WHAT THIS TASK INVOLVES: Pull every line containing "with" from the listing below.

RECORDS FOR THIS EXERCISE:

From HB Require Import structures.
From mathcomp Require Import all_boot all_order all_algebra.
From mathcomp Require Import all_classical all_reals all_analysis.
From mathcomp Require Import ring lra.
Set Implicit Arguments. Unset Strict Implicit. Unset Printing Implicit Defensive.
Import Order.TTheory GRing.Theory Num.Theory.
Import numFieldNormedType.Exports.
Local Open Scope classical_set_scope.
Local Open Scope ring_scope.

(* Write a cycle through its three projection points p1, p2, p3. The cycle
   equations are linear, so u1, u2, u3 are explicit affine functions of the
   p_i, and u2 - p3 is a positive multiple of w - p3 with
   w = ((1 - eps) p1 + p2) / (2 - eps): thus p3 is the projection of w onto the
   third set, and the cycle is unique as soon as the triple (p1, p2, p3) is.
   In the plane p1, p2 are the two given points and p3 is the projection of w
   onto a closed convex set.
   In space the projections onto the vertical segments contract the heights
   towards [-1, 1], which forces every height to equal that of p3; then
   w = (2 eps / (2 - eps), 2, z3), so the horizontal part of p3 is the unique
   point of C3 horizontally closest to (2 eps / (2 - eps), 2). It remains to see
   that C3 has a single point above it. That point lies on a supporting line of
   the circle arc, which carries at most two generators and stays away from
   their limit (0, 1): the corresponding face of C3 is the hull of at most two
   generators, a point or a non-vertical segment, which meets each vertical line
   at most once. *)

Lemma le0_of_linear_le_quadratic (R : realFieldType) (a b : R) : 0 <= b ->
  (forall l, 0 < l <= 1 -> 2 * l * a <= l ^+ 2 * b) -> a <= 0.
Proof.
move=> b0 H; rewrite leNgt; apply/negP => a0.
pose l := a / (a + b).
have l0 : 0 < l by rewrite divr_gt0 ?ltr_wpDr.
have l1 : l <= 1 by rewrite ler_pdivrMr ?ltr_wpDr // mul1r lerDl.
have lab : l * (a + b) = a by rewrite mulfVK // gt_eqF ?ltr_wpDr.
have := H l; rewrite l0 l1 => /(_ isT); nra.
Qed.

Section Euclidean.
Variables (R : realType) (n : nat).
Implicit Types (C : set 'rV[R]_n) (d u v w p q : 'rV[R]_n).

Definition dotv u v : R := \sum_(i < n) u 0 i * v 0 i.

(* The weights [pt3 1 1 0] below measure horizontal distance only. *)
Definition wdot d u v : R := \sum_(i < n) d 0 i * (u 0 i * v 0 i).

Definition convex_rV C :=
  forall x y l, 0 <= l <= 1 -> C x -> C y -> C (x + l *: (y - x)).

Lemma wdotZl d u v k : wdot d (k *: u) v = k * wdot d u v.
Proof. by rewrite /wdot mulr_sumr; apply: eq_bigr => i _; rewrite mxE; ring. Qed.

Lemma wdot_subZ d u v l :
  wdot d (u - l *: v) (u - l *: v) = wdot d u u - 2 * l * wdot d u v + l ^+ 2 * wdot d v v.
Proof.
rewrite /wdot !mulr_sumr -sumrB -big_split /=.
by apply: eq_bigr => i _; rewrite !mxE; ring.
Qed.

Lemma wdot_obtuse_sum d w p q :
  wdot d (w - p) (q - p) + wdot d (w - q) (p - q) = wdot d (p - q) (p - q).
Proof. by rewrite /wdot -big_split /=; apply: eq_bigr => i _; rewrite !mxE; ring. Qed.

Section NonnegWeights.
Variable d : 'rV[R]_n.
Hypothesis d_ge0 : forall i, 0 <= d 0 i.

Lemma wdot_ge0 u : 0 <= wdot d u u.
Proof. by apply: sumr_ge0 => i _; rewrite mulr_ge0 // -expr2 sqr_ge0. Qed.

Lemma wdot_le0_coord u : wdot d u u <= 0 -> forall i, 0 < d 0 i -> u 0 i = 0.
Proof.
move=> u0 i di.
have /eqP sum0 : wdot d u u == 0 by rewrite eq_le u0 wdot_ge0.
have /eqP : d 0 i * (u 0 i * u 0 i) = 0.
  by apply: (psumr_eq0P _ sum0) => // j _; rewrite mulr_ge0 // -expr2 sqr_ge0.
by rewrite mulf_eq0 gt_eqF //= -expr2 sqrf_eq0 => /eqP.
Qed.

Lemma wdot_min_obtuse C w p : convex_rV C -> C p ->
    (forall q, C q -> wdot d (w - p) (w - p) <= wdot d (w - q) (w - q)) ->
  forall q, C q -> wdot d (w - p) (q - p) <= 0.
Proof.
move=> Cconv Cp pmin q Cq.
apply: (le0_of_linear_le_quadratic (wdot_ge0 (q - p))) => l /andP[l0 l1].
have l01 : 0 <= l <= 1 by rewrite l1 ltW.
have := pmin _ (Cconv _ _ _ l01 Cp Cq).
by rewrite opprD addrA wdot_subZ; lra.
Qed.

Lemma obtuse_wdot_min C w p :
    (forall q, C q -> wdot d (w - p) (q - p) <= 0) ->
  forall q, C q -> wdot d (w - p) (w - p) <= wdot d (w - q) (w - q).
Proof.
move=> obtuse q Cq.
have -> : w - q = (w - p) - 1 *: (q - p) by rewrite scale1r opprB addrA subrK.
by rewrite wdot_subZ expr1n; have := obtuse q Cq; have := wdot_ge0 (q - p); lra.
Qed.

Lemma obtuse_wdot_coord C w p q : C p -> C q ->
    (forall x, C x -> wdot d (w - p) (x - p) <= 0) ->
    (forall x, C x -> wdot d (w - q) (x - q) <= 0) ->
  forall i, 0 < d 0 i -> p 0 i = q 0 i.
Proof.
move=> Cp Cq op oq i di; apply/eqP; rewrite -subr_eq0; apply/eqP.
have := @wdot_le0_coord (p - q) _ i di; rewrite !mxE; apply.
by rewrite -(wdot_obtuse_sum d w); have := op q Cq; have := oq p Cp; lra.
Qed.

End NonnegWeights.

Lemma enorm_le u v :
  (enorm u <= enorm v) = (wdot (const_mx 1) u u <= wdot (const_mx 1) v v).
Proof.
rewrite /enorm ler_sqrt; last by apply: sumr_ge0 => i _; rewrite sqr_ge0.
by congr (_ <= _); apply: eq_bigr => i _; rewrite mxE mul1r expr2.
Qed.

Lemma const1_ge0 (i : 'I_n) : 0 <= (const_mx 1 : 'rV[R]_n) 0 i.
Proof. by rewrite mxE. Qed.

Lemma is_projP C u p : convex_rV C ->
  is_proj C u p <-> C p /\ forall q, C q -> wdot (const_mx 1) (u - p) (q - p) <= 0.
Proof.
move=> Cconv; split=> [[Cp pmin]|[Cp obtuse]]; split=> // q Cq.
  by apply: (wdot_min_obtuse const1_ge0 Cconv Cp) => // x Cx; rewrite -enorm_le; exact: pmin.
by rewrite enorm_le; exact: (obtuse_wdot_min const1_ge0 obtuse).
Qed.

Lemma is_proj_unique C u p q : convex_rV C -> is_proj C u p -> is_proj C u q -> p = q.
Proof.
move=> Cconv /(is_projP _ _ Cconv)[Cp op] /(is_projP _ _ Cconv)[Cq oq].
by apply/rowP => i; rewrite (obtuse_wdot_coord const1_ge0 Cp Cq op oq) // mxE.
Qed.

Lemma is_proj_scale C w p k : convex_rV C -> 0 < k ->
  is_proj C (p + k *: (w - p)) p <-> is_proj C w p.
Proof.
move=> Cconv k0; rewrite !is_projP // addrC addKr.
by split=> -[Cp obtuse]; split=> // q Cq; have := obtuse q Cq; rewrite wdotZl pmulr_rle0.
Qed.

End Euclidean.

Lemma closure_mapsto (T U : topologicalType) (f : T -> U) (A : set T) (B : set U) :
  continuous f -> (forall a, A a -> B (f a)) -> forall x, closure A x -> closure B (f x).
Proof.
move=> fc AB x clx N Nfx.
have [a [Aa Na]] := clx _ (fc x _ Nfx).
by exists (f a); split => //; apply: AB.
Qed.

Lemma continuous_sum_coord (R : realType) n (F : 'I_n -> R -> R) :
  (forall i, continuous (F i)) -> continuous (fun x : 'rV[R]_n => \sum_(i < n) F i (x 0 i)).
Proof.
move=> Fc x; apply: (cvg_big add_continuous) => [|i _]; first exact: nbhs_filter.
exact: (continuous_comp (@coord_continuous R 1 n 0 i x) (Fc i (x 0 i))).
Qed.

Section ConvexHull.
Variables (R : realType) (n : nat).
Implicit Types (A : set 'rV[R]_n) (c d w x y : 'rV[R]_n).

Lemma conv_hull_sub A : A `<=` conv_hull A.
Proof.
move=> x Ax; exists 1%N, (fun=> 1), (fun=> x).
by rewrite !big_ord1 scale1r.
Qed.

Lemma conv_hull_convex A : convex_rV (conv_hull A).
Proof.
move=> _ _ l /andP[l0 l1] [m1 [w1 [a1 [w1_ge0 [w1_sum [a1A ->]]]]]]
  [m2 [w2 [a2 [w2_ge0 [w2_sum [a2A ->]]]]]].
pose w (i : 'I_(m1 + m2)) :=
  match fintype.split i with inl j => (1 - l) * w1 j | inr j => l * w2 j end.
pose a (i : 'I_(m1 + m2)) := match fintype.split i with inl j => a1 j | inr j => a2 j end.
exists (m1 + m2)%N, w, a; rewrite !big_split_ord /= /w /a.
under eq_bigr do rewrite (unsplitK (inl _) : fintype.split (lshift _ _) = inl _).
under [X in _ + X = _]eq_bigr do rewrite (unsplitK (inr _) : fintype.split (rshift _ _) = inr _).
under [X in _ = X + _]eq_bigr do rewrite (unsplitK (inl _) : fintype.split (lshift _ _) = inl _).
under [X in _ = _ + X]eq_bigr do rewrite (unsplitK (inr _) : fintype.split (rshift _ _) = inr _).
split; first by move=> i; case: fintype.split => j; rewrite mulr_ge0 // subr_ge0.
split; first by rewrite -!mulr_sumr w1_sum w2_sum; ring.
split; first by move=> i; case: fintype.split.
under [X in _ = X + _]eq_bigr do rewrite -scalerA.
under [X in _ = _ + X]eq_bigr do rewrite -scalerA.
by rewrite -!scaler_sumr scalerBl scale1r scalerBr addrA addrAC.
Qed.

Lemma closure_convex (C : set 'rV[R]_n) : convex_rV C -> convex_rV (closure C).
Proof.
move=> Cconv x y l l01 clx cly.
have mix_cont z : continuous (fun y' : 'rV[R]_n => z + l *: (y' - z)).
  move=> y'; apply: (@cvgD R 'rV[R]_n _ (nbhs y') _ (fun=> z) (fun y' => l *: (y' - z))).
    exact: cvg_cst.
  apply: (@cvgZl_tmp R 'rV[R]_n _ (nbhs y') _ l (fun y' => y' - z)).
  exact: (@cvgB R 'rV[R]_n _ (nbhs y') _ id (fun=> z) _ _ cvg_id (cvg_cst z)).
have mix_cont' y' : continuous (fun z : 'rV[R]_n => z + l *: (y' - z)).
  move=> z; apply: (@cvgD R 'rV[R]_n _ (nbhs z) _ id (fun z => l *: (y' - z))).
    exact: cvg_id.
  apply: (@cvgZl_tmp R 'rV[R]_n _ (nbhs z) _ l (fun z => y' - z)).
  exact: (@cvgB R 'rV[R]_n _ (nbhs z) _ (fun=> y') id _ _ (cvg_cst y') cvg_id).
have clx_mix y' : C y' -> closure C (x + l *: (y' - x)).
  by move=> Cy'; apply: (closure_mapsto (mix_cont' y') _ clx) => z Cz; exact: Cconv.
rewrite ((closure_id (closure C)).1 (@closed_closure _ C)).
exact: (closure_mapsto (mix_cont x) clx_mix cly).
Qed.

Lemma cl_conv_hull_convex A : convex_rV (cl_conv_hull A).
Proof. exact/closure_convex/conv_hull_convex. Qed.

Lemma dotv_continuous c : continuous (dotv c).
Proof.
apply: (continuous_sum_coord (F := fun i r => c 0 i * r)) => i r.
by apply: cvgM; [exact: cvg_cst | exact: cvg_id].
Qed.

Lemma dotv_conv_comb c m (w : 'I_m -> R) (a : 'I_m -> 'rV[R]_n) :
  dotv c (\sum_(i < m) w i *: a i) = \sum_(i < m) w i * dotv c (a i).
Proof.
rewrite /dotv; under eq_bigr do rewrite summxE mulr_sumr.
rewrite exchange_big; apply: eq_bigr => i _; rewrite mulr_sumr.
by apply: eq_bigr => j _; rewrite mxE mulrCA.
Qed.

RESPONSE TO THE TASK:
   p_i, and u2 - p3 is a positive multiple of w - p3 with
  match fintype.split i with inl j => (1 - l) * w1 j | inr j => l * w2 j end.
pose a (i : 'I_(m1 + m2)) := match fintype.split i with inl j => a1 j | inr j => a2 j end.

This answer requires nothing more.